Two days from now isn’t just Super Bowl Sunday — it’s also Puppy Bowl Sunday! (And Kitten Halftime Show Sunday, but that doesn’t roll off the tongue quite so nicely.) The production is usually taped here in NYC in late October. I got to attend the taping back in 2011 and wrote an ESPN column about it. Since then, the Animal Planet folks have been nice enough to invite me back each year.

This year, I attended for two days — the kitten day and the puppy day (hence the two different shirts I’m wearing in the photos above). As usual, it was a total cute-gasm. So many adorable critters!

They shoot several hours’ worth of footage each day and then edit it down to the final product we’ll see on Sunday. It’s always a little weird on the set, because everyone has to remain quiet. The broadcasters’ narration, sound effects, and all the rest are added in post. Here are two segments of kitten action to give you an idea of what it’s like:

Puppy day is always a bit more involved, because there are certain sequences that have to be shot each year. For example, they have to get good footage of each puppy looking upward, so they can make it look like they’re looking up at the flag during the playing of the national anthem. That’s usually pretty funny to watch, although I wasn’t on the set for it this year.

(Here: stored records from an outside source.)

Lemma wsum_itv_eq (U : set (S1 R)) (a b : R) : open U -> 0 <= a -> a <= b -> b <= 1 ->
  (forall r, a <= r <= b -> circle_f (pt r) `&` boundary U = set0) ->
  \sum_(y \in U) w (pt a) y = \sum_(y \in U) w (pt b) y.
Proof.
move=> oU a0 ab b1 Ufree.
apply: (itv_locally_constant (g := fun r => \sum_(y \in U) w (pt r) y)) => // r rab.
have [V [oV Vr Vw]] := w_loc oU (Ufree r rab).
have [d d0 Vd] := (open_S1P V).1 oV (toI01 r) Vr.
exists d => // r' r'ab r'r; apply/esym/Vw.
by have := Vd (toI01 r'); rewrite !sval_toI01 //; [apply | lra | lra].
Qed.

Lemma wsum_pt0 (U : set (S1 R)) :
  \sum_(y \in U) w (pt 0) y = \sum_(y <- [:: pt 0; pt 2^-1] | `[< U y >]) w (pt 0) y.
Proof.
apply: fsbig_seq_support => [|y].
  by rewrite /= inE andbT eq_sym (@pt_neq 2^-1 0) //; lra.
rewrite !inE negb_or => /andP[/eqP y0 /eqP yh]; apply: w_supp.
by move=> /circle_f_ptP; rewrite branch0; case; [lra | exact: y0 | exact: yh | exact: y0].
Qed.

Lemma wsum_pt_half (U : set (S1 R)) :
  \sum_(y \in U) w (pt 2^-1) y =
  \sum_(y <- [:: pt 0; pt 2^-1; pt 4^-1] | `[< U y >]) w (pt 2^-1) y.
Proof.
apply: fsbig_seq_support => [|y].
  rewrite /= !inE !negb_or !andbT ![pt 0 == _]eq_sym.
  by rewrite (@pt_neq 2^-1 0) ?(@pt_neq 4^-1 0) ?(@pt_neq 2^-1 4^-1) //;
    first [lra | apply/eqP; lra].
rewrite !inE !negb_or => /and3P[/eqP y0 /eqP yh /eqP yq]; apply: w_supp.
by move=> /circle_f_ptP; rewrite branch_half; case; [lra | exact: y0 | exact: yh | exact: yq].
Qed.
Lemma act1 X (m : M X) : mu X m 1 = m.
Proof. by case: entM => _ _ mu1 _ _; apply: mu1. Qed.

Lemma actM X (m : M X) a a' : mu X m (a * a') = mu X (mu X m a') a.
Proof. by case: entM => _ _ _ muM _; apply: muM. Qed.

Lemma act_pi X Y (g : C X Y -> M Y) a : lmap g ->
  mu X (pi X Y g) a = pi X Y (fun f => \sum_(p <- psi X Y f a) mu Y (g p.2) p.1).
Proof. by case: entM => _ _ _ _ muPi; apply: muPi. Qed.

Lemma pi_lmap X Y : lmap_on_lmaps (pi X Y).
Proof. by case: entM => -[piL _ _] _ _ _ _; apply: piL. Qed.

Lemma pi_sum X Y I (s : seq I) (G : I -> C X Y -> M Y) : (forall i, lmap (G i)) ->
  pi X Y (fun f => \sum_(i <- s) G i f) = \sum_(i <- s) pi X Y (G i).
Proof. exact: lmap_on_lmaps_sum (pi_lmap X Y). Qed.

Lemma pi_assoc X Y Z (g : C X Y -> C Y Z -> M Z) : bilin g ->
  pi X Y (fun f => pi Y Z (g f))
  = pi X Z (fun h => \sum_(p <- delta X Y Z h) g p.2 p.1).
Proof. by case: entM => -[_ piA _] _ _ _ _; apply: piA. Qed.

Lemma pi_counit X (m : M X) : pi X X (fun f => eps X f *: m) = m.
Proof. by case: entM => -[_ _ piU] _ _ _ _; apply: piU. Qed.

End EntwinedContramodule.

Hypothesis entwining : is_entwining delta eps psi.

Lemma psi_sum_lmapl {W : lmodType K} X Y (B : A -> C X Y -> W) a : bilin B ->
  lmap (fun f => \sum_(p <- psi X Y f a) B p.1 p.2).
Proof. by case: entwining => psiL _ _ _ _ hB; apply: (psiL X Y W B hB).1. Qed.

Lemma psi_sum_lmapr {W : lmodType K} X Y (B : A -> C X Y -> W) f : bilin B ->
  lmap (fun a => \sum_(p <- psi X Y f a) B p.1 p.2).
Proof. by case: entwining => psiL _ _ _ _ hB; apply: (psiL X Y W B hB).2. Qed.
(* For all integers $n\ge 2$ and $1\le k<n$, the domination number of $H_B(n,k)$ is $\gamma(H_B(n,k))=\binom{n}{k}$.
   Context: Fix integers $n\ge 2$ and $1\le k<n$ and positive real numbers $x_1<x_2<\dots<x_n$. Let $\mathscr{B}_n=\{\pm x_1,\pm x_2,\dots,\pm x_{n-1},x_n\}$ (so $-x_n\notin\mathscr{B}_n$). Let $\phi(\mathscr{B}_n)$ be the family of all nonempty subsets $S\subseteq\mathscr{B}_n$ whose elements have pairwise distinct absolute values and whose element of largest absolute value is positive. Let $\mathscr{B}_n^+=\{x_1,\dots,x_n\}$, let $V_1$ be the set of all $k$-element subsets of $\mathscr{B}_n^+$, and let $V_2=\phi(\mathscr{B}_n)\setminus V_1$. For $A\in\phi(\mathscr{B}_n)$ put $A^\dagger=\{|a|:a\in A\}$. The bipartite Kneser B type-$k$ graph $H_B(n,k)$ is the simple graph with vertex set $V_1\cup V_2$ in which $X\in V_1$ and $Y\in V_2$ are adjacent if and only if $X\subseteq Y^\dagger$ or $Y^\dagger\subseteq X$, and there are no other edges. A dominating set is a set $S$ of vertices such that every vertex not in $S$ is adjacent to some vertex of $S$; the domination number is the minimum size of a dominating set. *)

From mathcomp Require Import all_boot all_order.
Set Implicit Arguments. Unset Strict Implicit. Unset Printing Implicit Defensive.

(* Encoding: the signed element  (-1)^b * x_(i+1)  of {+-x_1,...,+-x_n} is the
   pair (i, b) : 'I_n * bool  (b = true means negative sign).  Since
   0 < x_1 < ... < x_n, this map is injective, |(-1)^b x_(i+1)| = x_(i+1)
   corresponds to the index i, and comparing absolute values is comparing
   indices.  Hence the graph below is isomorphic to H_B(n,k) for every such
   choice of reals. *)
Definition sgnelt (n : nat) := ('I_n * bool)%type.

Definition Bn (n : nat) : {set sgnelt n} :=
  [set p | ~~ (p.2 && (val p.1 == n.-1))].

Definition Bn_plus (n : nat) : {set sgnelt n} := [set p | ~~ p.2].

Definition phiB (n : nat) : {set {set sgnelt n}} :=
  [set S : {set sgnelt n} |
    [&& S \subset Bn n, S != set0,
        [forall p in S, forall q in S, (p.1 == q.1) ==> (p == q)] &
        [forall p in S, [forall q in S, (q.1 <= p.1)%N] ==> ~~ p.2]]].

Definition dagger (n : nat) (S : {set sgnelt n}) : {set 'I_n} := [set p.1 | p in S].

Definition V1 (n k : nat) : {set {set sgnelt n}} :=
  [set S : {set sgnelt n} | (S \subset Bn_plus n) && (#|S| == k)].

Definition V2 (n k : nat) : {set {set sgnelt n}} := phiB n :\: V1 n k.

Definition HB_vertices (n k : nat) : {set {set sgnelt n}} := V1 n k :|: V2 n k.

Definition HB_adj (n k : nat) (X Y : {set sgnelt n}) : bool :=
  let e A B := [&& A \in V1 n k, B \in V2 n k &
                   (dagger A \subset dagger B) || (dagger B \subset dagger A)] in
  e X Y || e Y X.

Definition dominating (T : finType) (V : {set T}) (adj : rel T) (D : {set T}) : bool :=
  (D \subset V) && [forall v in V, (v \notin D) ==> [exists u in D, adj u v]].

Definition is_domination_number (T : finType) (V : {set T}) (adj : rel T) (g : nat) : Prop :=
  (exists D : {set T}, dominating V adj D /\ #|D| = g) /\
  (forall D : {set T}, dominating V adj D -> g <= #|D|).

Arguments dagger n S : clear implicits.
Arguments HB_adj n k X Y : clear implicits.

From mathcomp Require Import all_boot all_order zify.
Set Implicit Arguments. Unset Strict Implicit. Unset Printing Implicit Defensive.

(* A vertex W of V_2 is adjacent exactly to the k-subsets X of B_n^+ whose
   absolute values are comparable with W^dagger, so V_1 dominates, as every
   index set is comparable with some k-set.  Conversely let D dominate and
   write X^+ for the positive vertex over a k-set X.  For k >= 2, the vertex
   obtained from X^+ by negating its least element lies in V_2 and X^+ is its
   only neighbour in V_1; so whenever X^+ is missing from D, that vertex is in
   D, and these vertices are distinct.  For k = 1 no vertex of V_2 has a single
   absolute value, and a missing {i}^+ is compensated instead by a two-element
   vertex over {i, j} with {j}^+ also missing, from which i can be recovered;
   if {i}^+ is the only one missing, its dominator lies in V_2.  In both cases
   |V_1 \ D| <= |D ∩ V_2|, whence |D| >= |V_1| = C(n, k). *)


Section FinsetCounting.
Variables T T' : finType.

Lemma leq_card_in_set (f : T -> T') (A : {set T}) (B : {set T'}) :
  {in A &, injective f} -> {in A, forall x, f x \in B} -> #|A| <= #|B|.
Proof.
move=> injf fB; rewrite -(card_in_imset injf); apply: subset_leq_card.
by apply/subsetP => _ /imsetP[x xA ->]; exact: fB.
Qed.

Lemma exists_subset_card (I : {set T}) m : m <= #|I| ->
  exists2 A : {set T}, A \subset I & #|A| = m.
Proof.
case/card_geqP => s [s_uniq s_size sI]; exists [set x in s].
  by apply/subsetP => x; rewrite inE => /sI.
by rewrite cardsE (card_uniqP s_uniq).
Qed.

Lemma exists_card_comparable (I : {set T}) k : k <= #|T| ->
  exists2 A : {set T}, #|A| = k & (A \subset I) || (I \subset A).
Proof.
move=> kT; have [kI|Ik] := leqP k #|I|.
  by have [A AI cA] := exists_subset_card kI; exists A; rewrite ?AI.
have [B BI' cB] : exists2 B : {set T}, B \subset ~: I & #|B| = k - #|I|.
  by apply: exists_subset_card; have := cardsC I; lia.
exists (I :|: B); last by rewrite subsetUl orbT.
have /eqP IB0 : I :&: B == set0 by rewrite setI_eq0 disjoint_sym disjoints_subset.
by rewrite cardsU IB0 cB cards0; lia.
Qed.

End FinsetCounting.

Lemma dominating_neighbour (T : finType) (V : {set T}) (adj : rel T) D v :
  dominating V adj D -> v \in V -> v \notin D -> exists2 u, u \in D & adj u v.
Proof.
case/andP=> _ /forall_inP dom vV vD.
by apply/exists_inP; rewrite (implyP (dom v vV)).
Qed.

Section SignedSets.
Variable n : nat.
Implicit Types (A B : {set 'I_n}) (s : pred 'I_n) (S : {set sgnelt n}).

Definition signed A s : {set sgnelt n} := [set (i, s i) | i in A].

Definition pos A := signed A xpred0.

Lemma in_signed A s p : (p \in signed A s) = (p.1 \in A) && (p.2 == s p.1).
Proof.
case: p => i b /=; apply/imsetP/andP => [[j jA [-> ->]]|[iA /eqP->]] //.
by exists i.
Qed.

Lemma in_dagger S i : (i \in dagger n S) = [exists b, (i, b) \in S].
Proof.
apply/imsetP/existsP => [[[j b] jS /= ->]|[b bS]]; first by exists b.
by exists (i, b).
Qed.

Lemma dagger_signed A s : dagger n (signed A s) = A.
Proof.
apply/setP => i; rewrite in_dagger; apply/existsP/idP => [[b]|iA].
  by rewrite in_signed => /andP[].
by exists (s i); rewrite in_signed /= iA eqxx.
Qed.

Lemma card_signed A s : #|signed A s| = #|A|.
Proof. by apply: card_imset => i j [->]. Qed.

Lemma signed_sign_eq A s t : signed A s = signed A t -> {in A, s =1 t}.
Proof.
move=> e i iA; have := in_signed A s (i, s i); rewrite e in_signed /= iA eqxx.
by move/eqP.
Qed.

Lemma pos_inj : injective pos.
Proof. by move=> A B /(congr1 (dagger n)); rewrite !dagger_signed. Qed.

Lemma pos_dagger S : S \subset Bn_plus n -> pos (dagger n S) = S.
Proof.
move=> /subsetP SBp; apply/setP => [[i b]]; rewrite in_signed /= in_dagger.
apply/idP/idP => [/andP[/existsP[c cS] /eqP->]|iS].
  by have := SBp _ cS; rewrite inE /=; case: c cS.
have := SBp _ iS; rewrite inE /= => /negbTE->; rewrite eqxx andbT.
by apply/existsP; exists b.
Qed.

Lemma V1P k S : reflect (exists2 A, S = pos A & #|A| = k) (S \in V1 n k).
Proof.
rewrite inE; apply: (iffP andP) => [[SBp /eqP cS]|[A -> cA]].
  by exists (dagger n S); rewrite ?pos_dagger // -cS -{2}(pos_dagger SBp) card_signed.
split; last by rewrite card_signed cA.
by apply/subsetP => p; rewrite in_signed inE => /andP[_ /eqP->].
Qed.

Lemma card_V1 k : #|V1 n k| = 'C(n, k).
Proof.
have -> : V1 n k = pos @: [set A : {set 'I_n} | #|A| == k].
  apply/setP => S; apply/V1P/imsetP => [[A -> cA]|[A]].
    by exists A; rewrite ?inE ?cA.
  by rewrite inE => /eqP cA ->; exists A.
by rewrite card_imset ?card_draws ?card_ord //; exact: pos_inj.
Qed.

Lemma signed_V1 k A s : signed A s \in V1 n k -> #|A| = k /\ {in A, forall i, ~~ s i}.
Proof.
case/V1P=> B e cB; have eAB : A = B by rewrite -(dagger_signed A s) e dagger_signed.
by subst B; split=> // i /(signed_sign_eq e) ->.
Qed.

Lemma signed_phiB A s : A != set0 ->
  {in A, forall i, s i -> exists2 j, j \in A & (i < j)%N} -> signed A s \in phiB n.
Proof.
move=> /set0Pn[i0 i0A] sA; rewrite inE; apply/and4P; split.
- apply/subsetP => _ /imsetP[i iA ->]; rewrite inE /=.
  apply/negP => /andP[/(sA i iA)[j _ ij] /eqP iE]; have := ltn_ord j; lia.
- by apply/set0Pn; exists (i0, s i0); rewrite in_signed /= i0A eqxx.
- apply/forall_inP => p; rewrite in_signed => /andP[_ /eqP ep].
  apply/forall_inP => q; rewrite in_signed => /andP[_ /eqP eq].
  by apply/implyP => /eqP e1; rewrite [p]surjective_pairing [q]surjective_pairing ep eq e1.
- apply/forall_inP => p; rewrite in_signed => /andP[pA /eqP->].
  apply/implyP => /forall_inP top; apply/negP => /(sA _ pA)[j jA pj].
  by have := top (j, s j); rewrite in_signed /= jA eqxx leqNgt pj => /(_ isT).
Qed.

End SignedSets.

Section HBGraph.
Variables n k : nat.
Implicit Types (A : {set 'I_n}) (X W u : {set sgnelt n}).

Local Notation comparable A B := ((A \subset B) || (B \subset A)).

Lemma V1_notin_V2 X : X \in V1 n k -> X \notin V2 n k.
Proof. by move=> XV1; rewrite inE XV1. Qed.

Lemma HB_adj_V2 u W : W \in V2 n k -> HB_adj n k u W ->
  u \in V1 n k /\ comparable (dagger n u) (dagger n W).
Proof.
move=> WV2 /orP[/and3P[-> _ c] // | /and3P[WV1]].
by rewrite (negbTE (V1_notin_V2 WV1)) in WV2.
Qed.

Lemma HB_adj_V1 u X : X \in V1 n k -> HB_adj n k u X -> u \in V2 n k.
Proof.
move=> XV1 /orP[/and3P[_ XV2] | /and3P[_ -> //]].
by rewrite (negbTE (V1_notin_V2 XV1)) in XV2.
Qed.

Lemma V1_comparable_pos A X : #|A| = k -> X \in V1 n k ->
  comparable (dagger n X) A -> X = pos A.
Proof.
move=> cA /V1P[B -> cB]; rewrite dagger_signed => BA; congr pos; apply/eqP.
by case/orP: BA => BA; [|rewrite eq_sym]; rewrite eqEcard BA cA cB leqnn.
Qed.

Lemma V1_dominating : k <= n -> dominating (HB_vertices n k) (HB_adj n k) (V1 n k).
Proof.
move=> kn; apply/andP; split; first exact: subsetUl.
apply/forall_inP => W; rewrite inE => /orP[-> // | WV2]; apply/implyP => _.
rewrite -[n]card_ord in kn; have [A cA AW] := exists_card_comparable (dagger n W) kn.
have PA : pos A \in V1 n k by apply/V1P; exists A.
by apply/exists_inP; exists (pos A); rewrite // /HB_adj PA WV2 dagger_signed AW.
Qed.

Lemma dominating_V2_mem D W : dominating (HB_vertices n k) (HB_adj n k) D ->
  W \in V2 n k -> (forall X, X \in V1 n k -> HB_adj n k X W -> X \notin D) -> W \in D.
Proof.
move=> domD WV2 notD; apply: contraT => WD.
have WV : W \in HB_vertices n k by rewrite inE WV2 orbT.
have [u uD uW] := dominating_neighbour domD WV WD.
by have [uV1 _] := HB_adj_V2 WV2 uW; rewrite (negbTE (notD u uV1 uW)) in uD.
Qed.

Lemma binomial_leq_card D :
  #|V1 n k :\: D| <= #|D :&: V2 n k| -> 'C(n, k) <= #|D|.
Proof.
move=> V1D; rewrite -card_V1 -(cardsID D (V1 n k)) setIC.
have V12 : V1 n k :&: V2 n k = set0.
  by apply/setP => X; rewrite in_setI in_set0; apply/negP => /andP[/V1_notin_V2/negP].
apply: (@leq_trans (#|D :&: V1 n k| + #|D :&: V2 n k|)); first by rewrite leq_add2l.
rewrite -cardsUI setIACA setIid V12 setI0 cards0 addn0 -setIUr.
exact/subset_leq_card/subsetIl.
Qed.

End HBGraph.

Section LowerBound.
Variable n : nat.
Implicit Types (A : {set 'I_n}) (i j : 'I_n) (X : {set sgnelt n}).
Implicit Types (D : {set {set sgnelt n}}).

Definition negmin A := signed A (fun i => [forall j in A, (i <= j)%N]).

Lemma negmin_V2 k A : 1 < #|A| -> negmin A \in V2 n k.
Proof.
case/card_gt1P=> x [y [xA yA xy]]; rewrite inE; apply/andP; split.
  apply/negP => /signed_V1[_ allpos].
  have [m mA mmin] := arg_minnP (fun i : 'I_n => val i) xA.
  by have /negP[] := allpos m mA; apply/forall_inP.
apply: signed_phiB => [|i iA /forall_inP imin]; first by apply/set0Pn; exists x.
have [j jA ji] : exists2 j, j \in A & j != i.
  by case: (eqVneq x i) => [<-|]; [exists y; rewrite // eq_sym | exists x].
by exists j; rewrite // ltn_neqAle val_eqE eq_sym ji imin.
Qed.

Lemma card_V1_notin_ge2 k D : 1 < k -> dominating (HB_vertices n k) (HB_adj n k) D ->
  #|V1 n k :\: D| <= #|D :&: V2 n k|.
Proof.
move=> k2 domD; apply: (@leq_card_in_set _ _ (fun X => negmin (dagger n X))).
  move=> _ _ /setDP[/V1P[A -> _] _] /setDP[/V1P[B -> _] _] /(congr1 (dagger n)).
  by rewrite !dagger_signed => ->.
move=> _ /setDP[/V1P[A -> cA] AD]; rewrite dagger_signed.
have WV2 : negmin A \in V2 n k by apply: negmin_V2; rewrite cA.
rewrite in_setI WV2 andbT; apply: (dominating_V2_mem domD WV2) => Y YV1.
by case/(HB_adj_V2 WV2) => _; rewrite dagger_signed => /(V1_comparable_pos cA YV1)->.
Qed.

(* The vertex over {i, j} in which i is negative if i < j and is the larger
   index otherwise, so that i can be read off the vertex. *)
Definition marked_pair i j := signed [set i; j] (fun x => (x == i) && (i < j)%N).

Lemma marked_pair_V2 i j : i != j -> marked_pair i j \in V2 n 1.
Proof.
move=> ij; rewrite inE; apply/andP; split.
  by apply/negP => /signed_V1[]; rewrite cards2 ij.
apply: signed_phiB => [|x _ /andP[/eqP-> ij_lt]].
  by apply/set0Pn; exists i; rewrite !inE eqxx.
by exists j; rewrite // !inE eqxx orbT.
Qed.

Lemma marked_pair_inj i1 j1 i2 j2 : i1 != j1 -> i2 != j2 ->
  marked_pair i1 j1 = marked_pair i2 j2 -> i1 = i2.
Proof.
move=> ij1 ij2 e.
have h1 : (i1, (i1 < j1)%N) \in marked_pair i2 j2 by rewrite -e in_signed /= !inE !eqxx.
have h2 : (i2, (i2 < j2)%N) \in marked_pair i1 j1 by rewrite e in_signed /= !inE !eqxx.
apply: val_inj; move: h1 h2 ij1 ij2; rewrite !in_signed /= !inE -!val_eqE /=; lia.
Qed.

Lemma marked_pair_neighbour i j X : i != j -> X \in V1 n 1 ->
  HB_adj n 1 X (marked_pair i j) -> X = pos [set i] \/ X = pos [set j].
Proof.
move=> ij XV1 /(HB_adj_V2 (marked_pair_V2 ij))[_].
case/V1P: XV1 => B -> /eqP/cards1P[x ->]; rewrite !dagger_signed => /orP[|].
  by rewrite sub1set !inE => /orP[]/eqP->; [left | right].
by move/subset_leq_card; rewrite cards1 cards2 ij.
Qed.

Lemma card_V1_notin_1 D : dominating (HB_vertices n 1) (HB_adj n 1) D ->
  #|V1 n 1 :\: D| <= #|D :&: V2 n 1|.
Proof.
move=> domD; pose U := [set i | pos [set i] \notin D].
have PV1 i : pos [set i] \in V1 n 1 by apply/V1P; exists [set i]; rewrite ?cards1.
have -> : V1 n 1 :\: D = [set pos [set i] | i in U].
  apply/setP => X; apply/setDP/imsetP => [[/V1P[A -> /eqP/cards1P[i ->]] XD] | [i]].
    by exists i; rewrite ?inE.
  by move=> iU ->; split; [exact: PV1 | move: iU; rewrite inE].
rewrite card_in_imset; last by move=> i j _ _ /pos_inj/set1_inj.
have [U_le1 | U_gt1] := leqP #|U| 1.
  have [-> | [i iU]] := set_0Vmem U; first by rewrite cards0.
  have iV : pos [set i] \in HB_vertices n 1 by rewrite inE PV1.
  have iD : pos [set i] \notin D by move: iU; rewrite inE.
  have [u uD ui] := dominating_neighbour domD iV iD.
  apply: (leq_trans U_le1); apply/card_gt0P.
  by exists u; rewrite in_setI uD (HB_adj_V1 (PV1 i) ui).
pose other i := odflt i [pick j in U :\ i].
have otherP i : i \in U -> other i \in U /\ i != other i.
  rewrite /other => iU; case: pickP => [j | none] /=.
    by rewrite in_setD1 eq_sym => /andP[].
  by move: U_gt1; rewrite (cardsD1 i) iU (eq_card0 none).
apply: (@leq_card_in_set _ _ (fun i => marked_pair i (other i))).
  by move=> i1 i2 /otherP[_ o1] /otherP[_ o2]; apply: marked_pair_inj.
move=> i iU; have [oU io] := otherP i iU; have WV2 := marked_pair_V2 io.
rewrite in_setI WV2 andbT; apply: (dominating_V2_mem domD WV2) => X XV1.
by case/(marked_pair_neighbour io XV1)=> ->; [move: iU | move: oU]; rewrite inE.
Qed.

End LowerBound.

Theorem mainTheorem4 (n k : nat) (hn : 2 <= n) (hk1 : 1 <= k) (hkn : k < n) :
  is_domination_number (HB_vertices n k) (HB_adj n k) 'C(n, k).
Proof.
split; first by exists (V1 n k); rewrite card_V1 V1_dominating // ltnW.
move=> D domD; apply: binomial_leq_card.
have [k_gt1 | k_le1] := ltnP 1 k; first exact: card_V1_notin_ge2.
have k1 : k = 1 by apply/eqP; rewrite eqn_leq k_le1 hk1.
by subst k; exact: card_V1_notin_1.
Qed.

I was on the set, however, for the “player introductions.” On Sunday, you’ll see the puppies trotting out onto the field through a haze of smoke. The way this works on the set is that they have a little entrance tunnel at one corner of the field. They use dry ice for smoke and send a puppy out through the tunnel. At the opposite corner of the field is a trainer named Victoria Schade, who uses treats and sweet talk to entice the puppies to trot over to her. A spotlight follows them as they trot — that trot, in slow motion, is what you see in the finished production. But most of the puppies take a sort of circuitous route from the tunnel to Victoria, as you can see in these clips:

When a puppy scores a touchdown, referee Dan Schachner has to come onto the field and make the official call. Sometimes that requires more than one take:

Dan also gets to announce the game’s MVP (Most Valuable Puppy). Since they don’t know who that’s going to turn out to be — it’s decided in post — they have him do announcements with several likely contenders:

All the cuteness aside, it’s important to remember that the Puppy Bowl is for a good cause. All the pups and kittens are from shelters and will be adopted, and Animal Planet does a good job of advocating for humane animal treatment. Can’t wait to go back next year!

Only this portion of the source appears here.